Blind SQL Injection is used when a web application is vulnerable to an SQL injection but the results of the injection are not visible to the attacker. The page with the vulnerability may not be one that displays data but will display differently depending on the results of a logical statement injected into the legitimate SQL statement called for that page. This type of attack can become time-intensive because a new statement must be crafted for each bit recovered. There are several tools that can automate these attacks once the location of the vulnerability and the target information has been established.

Conditional responses

One type of blind SQL injection forces the database to evaluate a logical statement on an ordinary application screen.
SELECT `booktitle` FROM `booklist` WHERE `bookId` = 'OOk14cd' AND '1'='1';
will result in a normal page while
SELECT `booktitle` FROM `booklist` WHERE `bookId` = 'OOk14cd' AND '1'='2';
will likely give a different result if the page is vulnerable to a SQL injection.
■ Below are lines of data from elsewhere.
Lemma geodesic_of_hopf_cylinder_of_const_eta a b lo hi g c :
  curve_in_M a lo hi g -> c ^ 2 < 1 ->
  (forall s, inI lo hi s ->
     ginner a b (g s) (vel g s) (vel g s) = 1 /\ eta a b (g s) (vel g s) = c /\
     ginner a b (g s) (covT a b g 1 s) (vel g s) = 0 /\ eta a b (g s) (covT a b g 1 s) = 0) ->
  geodesic_of_hopf_cylinder a b lo hi g.
Proof.
intros Hg Hc Hcurve.
set (w := mkposreal (sqrt (1 - c ^ 2)) (sqrt_lt_R0 (1 - c ^ 2) ltac:(lra))).
assert (Hw : (w : R) <> 0) by apply Rgt_not_eq, cond_pos.
assert (Hw2 : (w : R) ^ 2 = 1 - c ^ 2) by (rewrite <- Rsqr_pow2; apply Rsqr_sqrt; lra).
assert (Hg' := Hg). destruct Hg' as (Hlh & Hsm & HM).
exists (Rbar_mult_pos lo w), (Rbar_mult_pos hi w), (hopf_profile g c w),
  (fun s => w * s), (fun s => c * s).
split; [|split; [|split]].
- split; [apply Rbar_mult_pos_lt, Hlh|]. split.
  + intros i Hi. destruct i as [|[|[|i]]]; try lia.
    * exact (smooth_on_scale w lo hi _ (Hsm 0%nat ltac:(lia))).
    * exact (smooth_on_scale w lo hi _ (Hsm 1%nat ltac:(lia))).
    * exact (smooth_on_scale w lo hi _
               (smooth_on_add_linear lo hi _ (- c) (Hsm 2%nat ltac:(lia)))).
  + intros u Hu. apply inI_scale in Hu. exact (HM _ Hu).
- intros u Hu. apply inI_scale in Hu.
  destruct (Hcurve _ Hu) as (HTT & HTE & _).
  rewrite (ginner_ext _ _ _ _ _ _ _ (vel_hopf_profile a lo hi g c w u Hg Hu)
    (vel_hopf_profile a lo hi g c w u Hg Hu)).
  change (ginner a b (hopf_profile g c w u)) with (ginner a b (g (/ w * u))).
  rewrite ginner_vlin_l, !ginner_vlin_r, ginner_E3_E3, HTT, (ginner_sym _ _ _ E3).
  unfold eta in HTE. rewrite HTE. field_simplify; [|exact Hw]. rewrite Hw2. field. lra.
- intros u Hu. apply inI_scale in Hu.
  destruct (Hcurve _ Hu) as (_ & HTE & _).
  rewrite (ginner_ext _ _ _ _ _ E3 E3 (vel_hopf_profile a lo hi g c w u Hg Hu) (eq3_refl E3)).
  change (ginner a b (hopf_profile g c w u)) with (ginner a b (g (/ w * u))).
  rewrite ginner_vlin_l, ginner_E3_E3. unfold eta in HTE. rewrite HTE. field. exact Hw.
- intros s Hs.
  assert (Hws : / w * (w * s) = s) by (field; exact Hw).
  assert (Hs' : inI lo hi (/ w * (w * s))) by (rewrite Hws; exact Hs).
  destruct (Hcurve _ Hs) as (_ & _ & HaT & HaE).
  split; [apply inI_scale; exact Hs'|].
  split; [auto_derive; exact I|].
  split; [auto_derive; exact I|].
  split; [|split].
  + intros i Hi. unfold hopf_profile, psi. rewrite Hws.
    destruct (Nat.eqb i 2); ring.
  + rewrite (ginner_ext _ _ _ _ _ _ _ (eq3_refl _) (vel_hopf_profile a lo hi g c w _ Hg Hs')).
    rewrite ginner_vlin_r, Hws, HaT. unfold eta in HaE. rewrite HaE. ring.
  + exact HaE.
Qed.

Theorem corollary4p8 (a b : R) (lo hi : Rbar) (gamma : R -> vec) (kappa tau : R) :
  4 * a <> b ^ 2 ->
  curve_in_M a lo hi gamma ->
  arclength a b lo hi gamma ->
  triharmonic a b lo hi gamma ->
  frenet_helix a b lo hi gamma kappa tau ->
  tau <> 0 ->
  geodesic_of_hopf_cylinder a b lo hi gamma.
Proof.
(* Arc length is already part of the Frenet frame, and [eta_N_zero] needs no assumption
   on the torsion. *)
intros Hab Hg _ Htri [Hk [N [B [HNB Hframe]]]] _.
destruct (inI_nonempty lo hi (proj1 Hg)) as [s0 Hs0].
apply (geodesic_of_hopf_cylinder_of_const_eta a b lo hi gamma
         (eta a b (gamma s0) (vel gamma s0)) Hg).
- exact (eta_T_sq_lt_1 a b lo hi gamma kappa tau N B Hg HNB Hframe Htri Hab Hk s0 Hs0).
- exact (helix_hopf_data a b lo hi gamma kappa tau N B Hg HNB Hframe Htri Hab Hk s0 Hs0).
Qed.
An injection like this may suggest to the attacker that a blind SQL injection is possible, leaving the attacker to devise statements that evaluate to true or false depending on the contents of another column or table outside of the SELECT statement's column list.
SELECT 1/0 FROM `users` WHERE `username`='ooo';


Parameterized statements

With most development platforms, parameterized statements can be used that work with parameters (sometimes called placeholders or bind variables) instead of embedding user input in the statement. In many cases, the SQL statement is fixed, and each parameter is a scalar, not a table. The user input is then assigned (bound) to a parameter. This is an example using Java and the JDBC API:
java.sql.PreparedStatement prep = connection.prepareStatement(
                "SELECT * FROM `users` WHERE USERNAME = ? AND PASSWORD = ?");
prep.setString(1, username);
prep.setString(2, password);

Enforcement at the database level

The H2 Database Engine supports the ability to enforce query parameterization. However, query by example may not be possible or practical because it is difficult to implement query by example using parameterized queries.

Enforcement at the coding level

Using object-relational mapping libraries avoids the need to write SQL code. The ORM library in effect will generate parameterized SQL statements from object-oriented code.


A straightforward, though error-prone, way to prevent injections is to escape characters that have a special meaning in SQL. This technique is called HTML sanitization The manual for an SQL DBMS explains which characters have a special meaning, which allows creating a comprehensive blacklist of characters that need translation. For instance, every occurrence of a single quote (') in a parameter must be replaced by two single quotes ('') to form a valid SQL string literal. For example, in PHP it is usual to escape parameters using the functionmysql_real_escape_string(); before sending the SQL query:
$query = sprintf("SELECT * FROM `Users` WHERE UserName='%s' AND Password='%s'",
Routinely passing escaped strings to SQL is error prone because it is easy to forget to escape a given string. Creating a transparent layer to secure the input can reduce this error-proneness, if not entirely eliminate it.